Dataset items
Definition mu_linked {P : Type} (L : (P -> Prop) -> Prop) (I : Type) : Prop :=
  exists Qs : I -> P -> Prop, (forall i, L (Qs i)) /\ (forall p, exists i, Qs i p).

Definition theta_Knaster {P : Type} (L : (P -> Prop) -> Prop) (Th : Type) : Prop :=
  forall A : P -> Prop, has_size A Th ->
    exists B : P -> Prop, (forall p, B p -> A p) /\ has_size B Th /\ L B.

(* The product of two D-linked sets is D-linked because D is an ultrafilter:
   if q_i forces that W(p_i) meets every member of D and r_i <= q_i, then the set
   of n with r_i compatible with p_i(n) is itself in D (its complement would be a
   member of D missed by W(p_i)), so any a in D meets both of these sets and
   gives a common n for (r_0, r_1).  For mu-linkedness one reindexes the I * I
   products of the pieces along an injection I * I -> I, which exists for
   infinite I by Zorn's lemma: a maximal partial pairing D * D -> D extending a
   pairing of a countable set cannot be enlarged by a disjoint copy of D, so the
   complement of D is smaller than D and I embeds into 2 * D, hence into D.  For
   the Knaster property, regularity of theta lets one shrink any family of size
   theta to one on which a given coordinate is injective or constant; applying
   the coordinate Knaster property (or the linkedness of singletons) to each
   coordinate in turn gives a linked rectangle containing theta many points. *)

From Stdlib Require Import Classical ClassicalEpsilon FunctionalExtensionality
  PropExtensionality FinFun Cantor.
From mathcomp Require classical_sets.

(** * Zorn's lemma and comparability of cardinals *)

Lemma pred_ext {T : Type} (X Y : T -> Prop) : (forall t, X t <-> Y t) -> X = Y.
Proof.
  intros XY. apply functional_extensionality; intro t.
  apply propositional_extensionality, XY.
Qed.

Definition chain {T : Type} (F : (T -> Prop) -> Prop) : Prop :=
  forall X Y, F X -> F Y -> (forall t, X t -> Y t) \/ (forall t, Y t -> X t).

— TASK GOAL —
Could every entry above be printed again, word for word?

— ANSWER FOR THE TASK —
Definition mu_linked {P : Type} (L : (P -> Prop) -> Prop) (I : Type) : Prop :=
  exists Qs : I -> P -> Prop, (forall i, L (Qs i)) /\ (forall p, exists i, Qs i p).

Definition theta_Knaster {P : Type} (L : (P -> Prop) -> Prop) (Th : Type) : Prop :=
  forall A : P -> Prop, has_size A Th ->
    exists B : P -> Prop, (forall p, B p -> A p) /\ has_size B Th /\ L B.

(* The product of two D-linked sets is D-linked because D is an ultrafilter:
   if q_i forces that W(p_i) meets every member of D and r_i <= q_i, then the set
   of n with r_i compatible with p_i(n) is itself in D (its complement would be a
   member of D missed by W(p_i)), so any a in D meets both of these sets and
   gives a common n for (r_0, r_1).  For mu-linkedness one reindexes the I * I
   products of the pieces along an injection I * I -> I, which exists for
   infinite I by Zorn's lemma: a maximal partial pairing D * D -> D extending a
   pairing of a countable set cannot be enlarged by a disjoint copy of D, so the
   complement of D is smaller than D and I embeds into 2 * D, hence into D.  For
   the Knaster property, regularity of theta lets one shrink any family of size
   theta to one on which a given coordinate is injective or constant; applying
   the coordinate Knaster property (or the linkedness of singletons) to each
   coordinate in turn gives a linked rectangle containing theta many points. *)

From Stdlib Require Import Classical ClassicalEpsilon FunctionalExtensionality
  PropExtensionality FinFun Cantor.
From mathcomp Require classical_sets.

(** * Zorn's lemma and comparability of cardinals *)

Lemma pred_ext {T : Type} (X Y : T -> Prop) : (forall t, X t <-> Y t) -> X = Y.
Proof.
  intros XY. apply functional_extensionality; intro t.
  apply propositional_extensionality, XY.
Qed.

Definition chain {T : Type} (F : (T -> Prop) -> Prop) : Prop :=
  forall X Y, F X -> F Y -> (forall t, X t -> Y t) \/ (forall t, Y t -> X t).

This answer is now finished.